Ransomware coverage tends to focus on large breaches, but the businesses hit hardest are usually small ones — the thirty-person company with no dedicated security staff, a flat network, and backups nobody has tested in a year. The good news is that ransomware readiness at this size is not about expensive tooling. It is about three unglamorous fundamentals done properly: backups you can actually restore from, a network that does not let one infection reach everything, and a team that has practiced what to do. Here is how a small shop builds each one.
Backups: the part that decides everything
When ransomware encrypts your files, your recovery is only as good as your backups. The standard worth aiming for is "3-2-1": three copies of your data, on two different types of media, with one copy kept offline or otherwise out of reach of the network. The offline part is the piece small businesses miss. Modern ransomware actively hunts for connected backups and encrypts those too, so a backup drive that is always plugged in offers a false sense of safety. An immutable or air-gapped copy — one that cannot be altered or deleted for a set retention window — is what lets you say no to a ransom demand.
And a backup you have never restored is a hypothesis, not a safety net. Schedule a test restore at least quarterly. The first time most teams try, they discover the backup was missing a critical database, or that a full restore takes far longer than the business can afford to be down. Better to learn that on a calm Tuesday than during an incident.

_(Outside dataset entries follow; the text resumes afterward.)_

(* Let $\chi:T\to\overline{\mathbf F}_p^\times$ be a smooth character with $\chi\neq\chi^s$, and let $\pi'$ be a smooth representation of $G$. Then every non-zero $\phi\in\mathrm{Hom}_P(\mathrm{Ind}_P^G\chi,\pi')$ is injective.
   Context: $F$ non-Archimedean local field of residual characteristic $p$, $G=\mathrm{GL}_2(F)$, $P$ the upper triangular Borel subgroup, $U$ its unipotent radical, $T$ the diagonal torus; characters of $T$ are viewed as characters of $P$ via $P\to P/U\cong T$. $\chi^s(\mathrm{diag}(a,d))=\chi(\mathrm{diag}(d,a))$. $\mathrm{Ind}_P^G\chi$ is the space of locally constant $f:G\to\overline{\mathbf F}_p$ with $f(bg)=\chi(b)f(g)$ for $b\in P$, with $G$ acting by right translation. Representations are smooth on $\overline{\mathbf F}_p$-vector spaces. *)

From HB Require Import structures.
From mathcomp Require Import all_boot all_order all_algebra.
Set Implicit Arguments. Unset Strict Implicit. Unset Printing Implicit Defensive.
Import Order.TTheory GRing.Theory Num.Theory.
Local Open Scope ring_scope.

(* Non-Archimedean local fields, presented via a normalized discrete    *)
(* valuation v : F^x -> Z (the value of v at 0 is irrelevant).          *)

(* x lies in the fractional ideal varpi^n O_F *)
Definition inPow (F : fieldType) (v : F -> int) (n : int) (x : F) : Prop :=
  x = 0 \/ n <= v x.

(* F is a non-Archimedean local field of residual characteristic p,
   with normalized discrete valuation v: v is a surjective valuation onto Z,
   F is complete for it, and the residue field O/m is finite of characteristic p. *)
Record nonarch_local_field (F : fieldType) (p : nat) (v : F -> int) : Prop := {
  nalf_prime : prime p;
  nalf_mul : forall x y, x != 0 -> y != 0 -> v (x * y) = v x + v y;
  nalf_add : forall x y, x != 0 -> y != 0 -> x + y != 0 ->
                Num.min (v x) (v y) <= v (x + y);
  nalf_unif : exists w : F, w != 0 /\ v w = 1;
  nalf_complete : forall u : nat -> F,
      (forall N : nat, exists M : nat, forall m n : nat, (M <= m)%N -> (M <= n)%N ->
          inPow v N%:Z (u m - u n)) ->
      exists l : F, forall N : nat, exists M : nat, forall n : nat, (M <= n)%N ->
          inPow v N%:Z (u n - l);
  nalf_residue_finite : exists s : seq F, forall x : F, inPow v 0 x ->
      exists2 r, r \in s & inPow v 0 r /\ inPow v 1 (x - r);
  nalf_residue_char : inPow v 1 (p%:R : F)
}.

(* An algebraic closure of F_p: algebraically closed of characteristic p
   and algebraic over F_p (every element lies in a finite subfield). *)
Definition is_alg_closure_Fp (k : closedFieldType) (p : nat) : Prop :=
  p \in [pchar k] /\ forall x : k, exists2 n : nat, (0 < n)%N & x ^+ (p ^ n) = x.

Definition GL2 (F : fieldType) := {M : 'M[F]_2 | M \in unitmx}.

Lemma GL2_mul_proof (F : fieldType) (g h : GL2 F) : val g *m val h \in unitmx.
Proof. by rewrite unitmx_mul (valP g) (valP h). Qed.

Definition GL2_mul (F : fieldType) (g h : GL2 F) : GL2 F :=
  exist _ (val g *m val h) (GL2_mul_proof g h).

Lemma GL2_one_proof (F : fieldType) : (1%:M : 'M[F]_2) \in unitmx.
Proof. exact: unitmx1. Qed.

Definition GL2_one (F : fieldType) : GL2 F := exist _ 1%:M (GL2_one_proof F).

Definition inBorel (F : fieldType) (b : GL2 F) : Prop := val b ord_max ord0 = 0.

(* principal congruence subgroup K_{n+1} = 1 + varpi^{n+1} M_2(O_F);
   these form a basis of open neighbourhoods of 1 in G *)
Definition inCongr (F : fieldType) (v : F -> int) (n : nat) (h : GL2 F) : Prop :=
  forall i j : 'I_2, inPow v (n.+1)%:Z ((val h - 1%:M) i j).

Definition loc_const (F : fieldType) (v : F -> int) (T : Type) (f : GL2 F -> T) : Prop :=
  forall g, exists n : nat, forall h, inCongr v n h -> f (GL2_mul g h) = f g.

(* Smooth characters of T; chi a d := chi(diag(a,d)) for a,d in F^x     *)
Definition smooth_char (F : fieldType) (v : F -> int) (k : fieldType)
    (chi : F -> F -> k) : Prop :=
  [/\ forall a d, a != 0 -> d != 0 -> chi a d != 0,
      forall a d a' d', a != 0 -> d != 0 -> a' != 0 -> d' != 0 ->
          chi (a * a') (d * d') = chi a d * chi a' d' &
      exists n : nat, forall a d, a != 0 -> d != 0 ->
          inPow v (n.+1)%:Z (a - 1) -> inPow v (n.+1)%:Z (d - 1) -> chi a d = 1].

(* chi <> chi^s, where chi^s(diag(a,d)) = chi(diag(d,a)) *)
Definition char_ne_swap (F : fieldType) (k : fieldType) (chi : F -> F -> k) : Prop :=
  exists a d, [/\ a != 0, d != 0 & chi a d != chi d a].

(* chi viewed as a character of P via P -> P/U = T *)
Definition charP (F : fieldType) (k : fieldType) (chi : F -> F -> k) (b : GL2 F) : k :=
  chi (val b ord0 ord0) (val b ord_max ord_max).

(* Ind_P^G chi as a subspace of functions G -> k *)
Definition in_Ind (F : fieldType) (v : F -> int) (k : fieldType) (chi : F -> F -> k)
    (f : GL2 F -> k) : Prop :=
  loc_const v f /\
  forall b g, inBorel b -> f (GL2_mul b g) = charP chi b * f g.

Definition rtrans (F : fieldType) (k : Type) (g : GL2 F) (f : GL2 F -> k) : GL2 F -> k :=
  fun x => f (GL2_mul x g).

Definition smooth_rep (F : fieldType) (v : F -> int) (k : fieldType) (V : lmodType k)
    (rho : GL2 F -> V -> V) : Prop :=
  [/\ forall g (a : k) (x y : V), rho g (a *: x + y) = a *: rho g x + rho g y,
      forall x, rho (GL2_one F) x = x,
      forall g h x, rho (GL2_mul g h) x = rho g (rho h x) &
      forall x, exists n : nat, forall h, inCongr v n h -> rho h x = x].

(* phi in Hom_P(Ind_P^G chi, pi'): phi is a k-linear map defined on Ind_P^G chi
   (its values outside are irrelevant) commuting with the action of P *)
Definition is_HomP (F : fieldType) (v : F -> int) (k : fieldType) (chi : F -> F -> k)
    (V : lmodType k) (rho : GL2 F -> V -> V) (phi : (GL2 F -> k) -> V) : Prop :=
  (forall (a : k) f1 f2, in_Ind v chi f1 -> in_Ind v chi f2 ->
      phi (fun x => a * f1 x + f2 x) = a *: phi f1 + phi f2) /\
  (forall b f, inBorel b -> in_Ind v chi f -> phi (rtrans b f) = rho b (phi f)).

(* Let K be the kernel of phi, a P-stable subspace of Ind chi, and suppose K <> 0.
   First, K contains a non-zero f with f(1) = 0: otherwise some non-zero element of K
   would also be a right P-eigenfunction, which chi <> chi^s forbids.  By the Bruhat
   decomposition such an f is determined by x |-> f(w n(x)), a compactly supported,
   locally constant function on F.  In characteristic p the p-th power of the difference
   operator f |-> f(. n(u)) - f is translation by p u minus 1, and p u lies deeper than u,
   so repeated differencing lowers the level of local constancy until K contains the
   indicator of a ball; its torus and unipotent translates give all balls, so K contains
   every f with f(1) = 0.  Then phi factors through evaluation at 1, and its image is
   spanned by a P-eigenvector of character chi.  Smoothness makes that vector fixed by
   the lower unipotents, hence by w, which conjugates chi into chi^s; so it is 0 and
   phi = 0, contradicting phi <> 0. *)

From Stdlib Require Import Classical ClassicalEpsilon FunctionalExtensionality.
From HB Require Import structures.
From mathcomp Require Import all_boot all_order all_algebra.
From mathcomp Require Import zify ring.
Set Implicit Arguments. Unset Strict Implicit. Unset Printing Implicit Defensive.
Import Order.TTheory GRing.Theory Num.Theory.
Local Open Scope ring_scope.

Lemma dependent_choice (T : Type) (Q : nat -> T -> Prop) (R : nat -> T -> T -> Prop) a0 :
  Q 0%N a0 -> (forall n a, Q n a -> exists a', Q n.+1 a' /\ R n a a') ->
  exists u : nat -> T, forall n, Q n (u n) /\ R n (u n) (u n.+1).
Proof.
move=> Q0 QS.
pose next n a := epsilon (inhabits a0) (fun a' => Q n.+1 a' /\ R n a a').
pose fix u n := if n is n'.+1 then next n' (u n') else a0.
have Qu n : Q n (u n).
  by elim: n => [//|n IH]; exact: (epsilon_spec _ _ (QS n _ IH)).1.
by exists u => n; split=> //; exact: (epsilon_spec _ _ (QS n _ (Qu n))).2.
Qed.

Lemma uniform_bound (T : eqType) (L : seq T) (P : T -> int -> Prop) :
  (forall z m m', m <= m' -> P z m -> P z m') ->
  (forall z, z \in L -> exists m, P z m) -> exists m, forall z, z \in L -> P z m.
Proof.
move=> Pmono; elim: L => [|a L IH] PL; first by exists 0.
have [m1 Pa] := PL a (mem_head _ _).
have [m2 PL'] : exists m, forall z, z \in L -> P z m.
  by apply: IH => z zL; apply: PL; rewrite in_cons zL orbT.
exists (Num.max m1 m2) => z; rewrite in_cons => /orP[/eqP->|zL].
  by apply: Pmono Pa; rewrite le_max lexx.
by apply: Pmono (PL' _ zL); rewrite le_max lexx orbT.
Qed.

Lemma exists_last (P : nat -> Prop) N : P 0%N -> ~ P N -> exists n, P n /\ ~ P n.+1.
Proof.
move=> P0; elim: N => [//|N IH] PN.
by case: (classic (P N)) => [PN'|/IH//]; exists N.
Qed.

Lemma sum_if_const (V : nmodType) (T : Type) (L : seq T) (P : pred T) (c : V) :
  \sum_(z <- L) (if P z then c else 0) = c *+ count P L.
Proof.
elim: L => [|a L IH]; first by rewrite big_nil.
by rewrite big_cons IH /= mulrnDr; case: (P a); rewrite ?add0r.
Qed.

Section LocalField.
Variables (p : nat) (F : fieldType) (v : F -> int).
Hypothesis hF : nonarch_local_field p v.

Definition inPowb (n : int) (x : F) : bool := (x == 0) || (n <= v x).

Lemma inPowP n x : reflect (inPow v n x) (inPowb n x).
Proof. by apply: (iffP orP) => -[/eqP|]; by [left|right]. Qed.

Lemma vM x y : x != 0 -> y != 0 -> v (x * y) = v x + v y.
Proof. by move=> x0 y0; apply: (nalf_mul hF x0 y0). Qed.

Lemma v1 : v 1 = 0.
Proof.
have := vM (oner_neq0 F) (oner_neq0 F); rewrite mulr1.
by set a := v 1 => ?; lia.
Qed.

Lemma vN x : x != 0 -> v (- x) = v x.
Proof.
have N1 : (-1 : F) != 0 by rewrite oppr_eq0 oner_neq0.
have vN1 : v (-1) = 0 by have := vM N1 N1; rewrite mulrNN mulr1 v1; lia.
by move=> x0; rewrite -mulN1r vM // vN1 add0r.
Qed.

Lemma vV x : x != 0 -> v x^-1 = - v x.
Proof.
by move=> x0; have := vM x0 (invr_neq0 x0); rewrite mulfV // v1; lia.
Qed.

Lemma ex_val (m : int) : exists d : F, d != 0 /\ v d = m.
Proof.
have [w [w0 vw]] := nalf_unif hF.
have vwn (n : nat) : w ^+ n != 0 /\ v (w ^+ n) = n%:Z.
  elim: n => [|n [wn0 vwn]]; first by rewrite expr0 oner_neq0 v1.
  by rewrite exprS mulf_neq0 // vM // vwn vw; split=> //; lia.
case: m => n; first by exists (w ^+ n).
have [wn0 vwn'] := vwn n.+1; exists (w ^+ n.+1)^-1.
by rewrite invr_eq0 vV // vwn' NegzE; split=> //; lia.
Qed.

Lemma inPowb0 n : inPowb n 0.
Proof. by rewrite /inPowb eqxx. Qed.

Lemma inPowb_v x : inPowb (v x) x.
Proof. by rewrite /inPowb lexx orbT. Qed.

Lemma inPowb_le m n x : m <= n -> inPowb n x -> inPowb m x.
Proof. by rewrite /inPowb => mn /orP[->//|nx]; apply/orP; right; lia. Qed.

Lemma inPowbD n x y : inPowb n x -> inPowb n y -> inPowb n (x + y).
Proof.
rewrite /inPowb; have [->|x0] := eqVneq x 0; first by rewrite add0r.
have [->|y0] := eqVneq y 0; first by rewrite addr0 (negPf x0).
have [->|xy0] := eqVneq (x + y) 0 => //= nx ny.
have := nalf_add hF x0 y0 xy0; rewrite /Num.min.
by set a := v x; set b := v y; set c := v (x + y); case: ifP; lia.
Qed.
(* Let \[G=\langle a,b,c,s,t\mid sas^{-1}=ab,\ sbs^{-1}=b,\ scs^{-1}=c,\ tat^{-1}=ba,\ tbt^{-1}=b,\ tct^{-1}=c\rangle.\] Then the following subsets are equationally definable in $G$: (1) $\langle b\rangle$; (2) $\langle s\rangle$; (3) $\langle t\rangle$; (4) $\{(s^i,t^i)\mid i\in\mathbb{Z}\}\subseteq G^2$; (5) $\langle s,t\rangle$.
   Context: An equation over a finitely generated group $G$ with variables from a finite set $\mathcal X$ is an element $w\in G*F(\mathcal X)$, written $w=1$; a solution is a homomorphism $\phi:G*F(\mathcal X)\to G$ that is the identity on $G$ with $\phi(w)=1$; a system of equations is a finite set of equations in the same variables, solved by a common solution. A set $D\subseteq G^n$ is equationally definable if there is a system of equations $\mathcal E$ over $G$ and variables $X_1,\dots,X_n$ of $\mathcal E$ (not necessarily all variables) such that $D=\{(\phi(X_1),\dots,\phi(X_n)) \mid \phi \text{ a solution of } \mathcal E\}$. *)

From HB Require Import structures.
From mathcomp Require Import all_boot all_order ssralg ssrint.
Set Implicit Arguments. Unset Strict Implicit. Unset Printing Implicit Defensive.
Local Open Scope group_scope.

Definition zpow (G : groupType) (g : G) (i : int) : G :=
  match i with
  | Posz n => g ^+ n
  | Negz n => (g ^+ n.+1)^-1
  end.

Definition is_subgroup (G : groupType) (H : G -> Prop) : Prop :=
  H 1 /\ (forall x y, H x -> H y -> H (x * y)) /\ (forall x, H x -> H x^-1).
Definition gen (G : groupType) (S : G -> Prop) (x : G) : Prop :=
  forall H : G -> Prop, is_subgroup H -> (forall y, S y -> H y) -> H x.

(* Equations over G with variables indexed by nat: an element of G * F(X) is
   represented by a word whose letters are constants of G or variables X_i^{±1}. *)
Inductive letter (G : groupType) : Type :=
  | Const of G
  | Var of nat & bool (* Var i false = X_i, Var i true = X_i^-1 *).

Definition eval_letter (G : groupType) (phi : nat -> G) (l : letter G) : G :=
  match l with
  | Const g => g
  | Var i false => phi i
  | Var i true => (phi i)^-1
  end.

(* the image of a word under the homomorphism G * F(X) -> G that is the identity
   on G and sends X_i to phi i *)
Definition eval_word (G : groupType) (phi : nat -> G) (w : seq (letter G)) : G :=
  foldr (fun l acc => eval_letter phi l * acc) 1 w.

Definition equation (G : groupType) := seq (letter G).
Definition system (G : groupType) := seq (equation G).

Definition is_solution (G : groupType) (E : system G) (phi : nat -> G) : Prop :=
  forall k, (k < size E)%N -> eval_word phi (nth [::] E k) = 1.

Definition eq_definable (G : groupType) (n : nat) (D : ('I_n -> G) -> Prop) : Prop :=
  exists (E : system G) (X : 'I_n -> nat),
    forall v : 'I_n -> G,
      D v <-> exists phi, is_solution E phi /\ (forall k, phi (X k) = v k).

Definition eq_definable1 (G : groupType) (D : G -> Prop) : Prop :=
  eq_definable (fun v : 'I_1 -> G => D (v ord0)).
Definition eq_definable2 (G : groupType) (D : G -> G -> Prop) : Prop :=
  eq_definable (fun v : 'I_2 -> G => D (v ord0) (v ord_max)).

Definition rels (H : groupType) (a b c s t : H) : Prop :=
  s * a * s^-1 = a * b /\ s * b * s^-1 = b /\ s * c * s^-1 = c /\
  t * a * t^-1 = b * a /\ t * b * t^-1 = b /\ t * c * t^-1 = c.

Definition group_hom (G H : groupType) (f : G -> H) : Prop :=
  forall x y, f (x * y) = f x * f y.

(* G together with a,b,c,s,t is (up to isomorphism) the group given by the
   presentation: universal property of the presented group *)
Definition presents (G : groupType) (a b c s t : G) : Prop :=
  rels a b c s t /\
  forall (H : groupType) (a' b' c' s' t' : H), rels a' b' c' s' t' ->
    exists f : G -> H,
      (group_hom f /\ f a = a' /\ f b = b' /\ f c = c' /\ f s = s' /\ f t = t') /\
      forall g : G -> H,
        (group_hom g /\ g a = a' /\ g b = b' /\ g c = c' /\ g s = s' /\ g t = t') ->
        forall x, g x = f x.

From HB Require Import structures.
From mathcomp Require Import all_boot all_order ssralg ssrint.
From mathcomp Require Import zify.
Set Implicit Arguments. Unset Strict Implicit. Unset Printing Implicit Defensive.
Local Open Scope group_scope.

(* G is the semidirect product F(a,b,c) x| F(s,t) in which s and t fix b and c
   and send a to ab and ba: the universal property of the presentation and the
   evaluation of this explicit model back into G make it a copy of G.  In a free
   group the centraliser of a generator is the cyclic group it generates, and two
   distinct generators have trivial common centraliser.  Reading off normal forms,
   the centralisers of {b, s, t}, {s, b, c}, {t, b, c} and {b, c} are <b>, <s>,
   <t> and <s, t>, and centralisers are solution sets of the equations
   X g X^-1 g^-1 = 1.  Finally s^i a s^-i = a b^i and t^j a t^-j = b^j a, so for
   x = s^i and y = t^j the equation a^-1 (x a x^-1) = (y a y^-1) a^-1 says
   b^i = b^j, that is i = j because b has infinite order. *)

Section GroupHom.
Variables (G H : groupType) (f : G -> H).
Hypothesis f_hom : group_hom f.

Lemma group_hom1 : f 1 = 1.
Proof. by apply: (@mulgI _ (f 1)); rewrite -f_hom !mulg1. Qed.

Lemma group_homV x : f x^-1 = (f x)^-1.
Proof. by apply: (@mulgI _ (f x)); rewrite -f_hom !mulgV group_hom1. Qed.

Lemma group_homX x n : f (x ^+ n) = f x ^+ n.
Proof. by elim: n => [|n IH]; rewrite ?group_hom1 // !expgS f_hom IH. Qed.

Lemma group_homZ x i : f (zpow x i) = zpow (f x) i.
Proof. by case: i => n /=; rewrite ?group_homV group_homX. Qed.

End GroupHom.

Section Centralisers.
Variable G : groupType.
Implicit Types (g h x y : G) (gs : seq G).

Definition centralises x gs := forall g, g \in gs -> commute x g.

Lemma centralises3 x g1 g2 g3 :
  centralises x [:: g1; g2; g3] <-> [/\ commute x g1, commute x g2 & commute x g3].
Proof.
split=> [cx | [c1 c2 c3] g]; first by split; apply: cx; rewrite !inE eqxx ?orbT.
by rewrite !inE => /or3P[]/eqP->.
Qed.

Lemma centralises_subgroup gs : is_subgroup (centralises^~ gs).
Proof.
split=> [g _|]; first exact/commute_sym/commute1.
split=> [x y cx cy g /[dup] gs_g /cx xg | x cx g /cx xg].
  by rewrite /commute -mulgA (cy g gs_g) !mulgA xg.
by apply/commute_sym/commuteV/commute_sym.
Qed.

Lemma subgroup_zpow (P : G -> Prop) g i : is_subgroup P -> P g -> P (zpow g i).
Proof.
move=> [P1 [PM PV]] Pg; have Pn n : P (g ^+ n) by elim: n => [|n IH] //; rewrite expgS; auto.
by case: i => n /=; auto.
Qed.

Lemma gen_zpow (S : G -> Prop) g i : S g -> gen S (zpow g i).
Proof. by move=> Sg P P_sub SP; apply: subgroup_zpow P_sub (SP g Sg). Qed.

Lemma gen_centralises (S : G -> Prop) gs x :
  (forall y, S y -> centralises y gs) -> gen S x -> centralises x gs.
Proof. by move=> S_gs gen_x; apply: gen_x (centralises_subgroup gs) S_gs. Qed.

Lemma gen_cyclic_centraliser g gs : centralises g gs ->
  (forall x, centralises x gs -> exists i, x = zpow g i) ->
  forall x, gen (fun y => y = g) x <-> centralises x gs.
Proof.
move=> g_gs cyclic x; split; first by apply: gen_centralises => y ->.
by move=> /cyclic[i ->]; apply: gen_zpow.
Qed.

Lemma zpowV g i : zpow g^-1 i = (zpow g i)^-1.
Proof. by case: i => n; rewrite /= expVgn ?invgK. Qed.

Lemma conjM g x y : g * (x * y) * g^-1 = g * x * g^-1 * (g * y * g^-1).
Proof. by rewrite !mulgA mulgVK. Qed.

Lemma conjV_eq g x y : g * x * g^-1 = y -> g^-1 * y * g^-1^-1 = x.
Proof. by move=> <-; rewrite invgK !mulgA mulVg mul1g mulgVK. Qed.

Lemma conj_commute g h : commute g h -> g * h * g^-1 = h.
Proof. by move=> ->; rewrite mulgK. Qed.

Lemma conj_fix_commute g h : g * h * g^-1 = h -> commute g h.
Proof. by move=> ghg; rewrite /commute -{2}ghg mulgVK. Qed.

Lemma zpow_conj_mulr g x h : commute g h -> g * x * g^-1 = x * h ->
  forall i, zpow g i * x * (zpow g i)^-1 = x * zpow h i.
Proof.
move=> gh gx; have pos n : g ^+ n * x * (g ^+ n)^-1 = x * h ^+ n.
  elim: n => [|n IH]; first by rewrite mul1g invg1 !mulg1.
  have -> : g ^+ n.+1 * x * (g ^+ n.+1)^-1 = g * (g ^+ n * x * (g ^+ n)^-1) * g^-1.
    by rewrite expgS invgM !mulgA.
  by rewrite IH conjM gx (conj_commute (commuteX n gh)) expgS mulgA.
case=> [n|n] /=; first exact: pos.
have kl : commute (g ^+ n.+1)^-1 (h ^+ n.+1).
  by apply/commute_sym/commuteV/commute_sym/commuteX2.
have := conjV_eq (pos n.+1); rewrite conjM (conj_commute kl) => def_x.
by rewrite -{2}def_x mulgK.
Qed.

Lemma zpow_conj_mull g x h : commute g h -> g * x * g^-1 = h * x ->
  forall i, zpow g i * x * (zpow g i)^-1 = zpow h i * x.
Proof.
move=> gh gx i; apply: invg_inj; rewrite !invgM invgK !mulgA -[(zpow h i)^-1]zpowV.
apply: zpow_conj_mulr i; first exact: commuteV.
by apply: invg_inj; rewrite !invgM !invgK mulgA gx.
Qed.

End Centralisers.

(* [(i, false)] stands for the generator [x_i] and [(i, true)] for its inverse. *)
Definition lit : Type := (nat * bool)%type.
Definition lit_inv (x : lit) : lit := (x.1, ~~ x.2).

Lemma lit_invK : involutive lit_inv.
Proof. by case=> i e; rewrite /lit_inv negbK. Qed.

Lemma lit_inv_neq x : (x == lit_inv x) = false.
Proof. by case: x => i []; rewrite /lit_inv xpair_eqE eqxx. Qed.

Definition reduced : seq lit -> bool := sorted (fun x y => y != lit_inv x).

Definition lcons (x : lit) (w : seq lit) : seq lit :=
  if w is y :: w' then (if y == lit_inv x then w' else x :: w) else [:: x].

Lemma reduced_lcons x w : reduced w -> reduced (lcons x w).
Proof.
case: w => [|y w] //= red_w; case: ifP => [_|/negbT y_x]; first exact: path_sorted red_w.
by rewrite /= y_x.
Qed.

Lemma lconsK x w : reduced w -> lcons (lit_inv x) (lcons x w) = w.
Proof.
case: w => [|y w] /=; first by rewrite lit_invK eqxx.
case: ifP => [/eqP-> | _] red_w; last by rewrite /= lit_invK eqxx.
by case: w red_w => [|z w] //= /andP[/negbTE-> _].
Qed.

Lemma lcons_reduced x w : reduced (x :: w) -> lcons x w = x :: w.
Proof. by case: w => [|y w] //= /andP[/negbTE-> _]. Qed.

Definition wmul (u v : seq lit) : seq lit := foldr lcons v u.
Definition winv (u : seq lit) : seq lit := rev (map lit_inv u).

Lemma reduced_wmul u v : reduced v -> reduced (wmul u v).
Proof. by elim: u => [|x u IH] //= red_v; apply/reduced_lcons/IH. Qed.

Lemma wmul_lcons x u v : reduced v -> wmul (lcons x u) v = lcons x (wmul u v).
Proof.
case: u => [|y u] //= red_v; case: ifP => // /eqP->.
by rewrite -{1}(lit_invK x) lconsK // reduced_wmul.
Qed.

Lemma wmulA u v w : reduced v -> reduced w -> wmul (wmul u v) w = wmul u (wmul v w).
Proof.
move=> red_v red_w; elim: u => [|x u IH] //=.
by rewrite wmul_lcons ?IH // reduced_wmul.
Qed.

Lemma wmul_reduced p v : reduced (p ++ v) -> wmul p v = p ++ v.
Proof.
elim: p => [|x p IH] //= red_pv.
rewrite IH ?lcons_reduced //; exact: path_sorted red_pv.
Qed.

Lemma wmulw0 u : reduced u -> wmul u [::] = u.
Proof. by move=> red_u; rewrite wmul_reduced ?cats0. Qed.

Lemma wmulVw u : wmul (winv u) u = [::].
Proof.
elim: u => [|x u IH] //=.
by rewrite /winv map_cons rev_cons /wmul foldr_rcons /= lit_invK eqxx.
Qed.

Lemma winvK : involutive winv.
Proof. by move=> u; rewrite /winv map_rev revK -map_comp (eq_map lit_invK) map_id. Qed.

Lemma reduced_winv u : reduced u -> reduced (winv u).
Proof.
rewrite /reduced /winv rev_sorted sorted_map; apply: sub_sorted => x y /=.
by apply: contra => /eqP->; rewrite lit_invK.
Qed.

Definition freeGroup : Type := {w : seq lit | reduced w}.
HB.instance Definition _ := Choice.on freeGroup.

Definition fmul (u v : freeGroup) : freeGroup :=
  exist _ (wmul (val u) (val v)) (reduced_wmul (val u) (valP v)).
Definition fone : freeGroup := exist _ [::] isT.
Definition finv (u : freeGroup) : freeGroup := exist _ (winv (val u)) (reduced_winv (valP u)).

Lemma fmulA : associative fmul.
Proof. by move=> u v w; apply: val_inj; rewrite /= wmulA // valP. Qed.
Lemma fmul1 : left_id fone fmul.
Proof. by move=> u; apply: val_inj. Qed.
Lemma fmulg1 : right_id fone fmul.
Proof. by move=> u; apply: val_inj; rewrite /= wmulw0 // valP. Qed.
Lemma fmulV : left_inverse fone finv fmul.
Proof. by move=> u; apply: val_inj; rewrite /= wmulVw. Qed.
Lemma fmulgV : right_inverse fone finv fmul.
Proof. by move=> u; apply: val_inj; rewrite /= -{1}(winvK (val u)) wmulVw. Qed.

HB.instance Definition _ := isGroup.Build freeGroup fmulA fmul1 fmulg1 fmulV fmulgV.

Definition flit (x : lit) : freeGroup := exist _ [:: x] isT.
Definition fgen (i : nat) : freeGroup := flit (i, false).

Lemma flit_inv x : flit (lit_inv x) = (flit x)^-1.
Proof. by apply: val_inj. Qed.

Lemma val_flitM x u : val (flit x * u) = lcons x (val u).
Proof. by []. Qed.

Segmentation: stop one machine from becoming all of them
On a flat network, every device can talk to every other device, which is exactly how ransomware spreads from a single clicked attachment to the whole company in minutes. Segmentation breaks the network into zones — separating, say, the point-of-sale systems, the back-office machines, the servers, and the guest Wi-Fi — so that an infection in one zone cannot freely reach the others. For a small business this does not require a redesign; even basic VLAN separation and tightened firewall rules between segments dramatically shrink the blast radius. Pair it with the principle of least privilege on file shares so a compromised user account cannot encrypt data it never needed to touch.
Drills: the plan you have not rehearsed will not hold
An incident-response plan that lives in a document nobody has read fails under pressure. Run a tabletop exercise once or twice a year: gather the handful of people who would be involved and walk through a realistic scenario out loud. Who disconnects the affected machines? Who has the backup admin credentials, and are they stored somewhere that is not also encrypted? Who calls the insurer, and who talks to staff and customers? These exercises routinely surface gaps — a single person who is the only one who knows the recovery process, a contact list that is itself on the file server — that are cheap to fix beforehand and ruinous to discover during an attack.
Putting it together
None of these three require enterprise budgets, but they do require someone to own them and keep them current. A small business without in-house IT often gets there fastest with a managed services partner — a provider like Dytech Group can set up immutable backups, segment the network, and run the periodic restore tests and tabletop drills so readiness does not quietly lapse. Backups, segmentation, drills: get those three right and a ransomware infection becomes a bad day instead of an extinction event.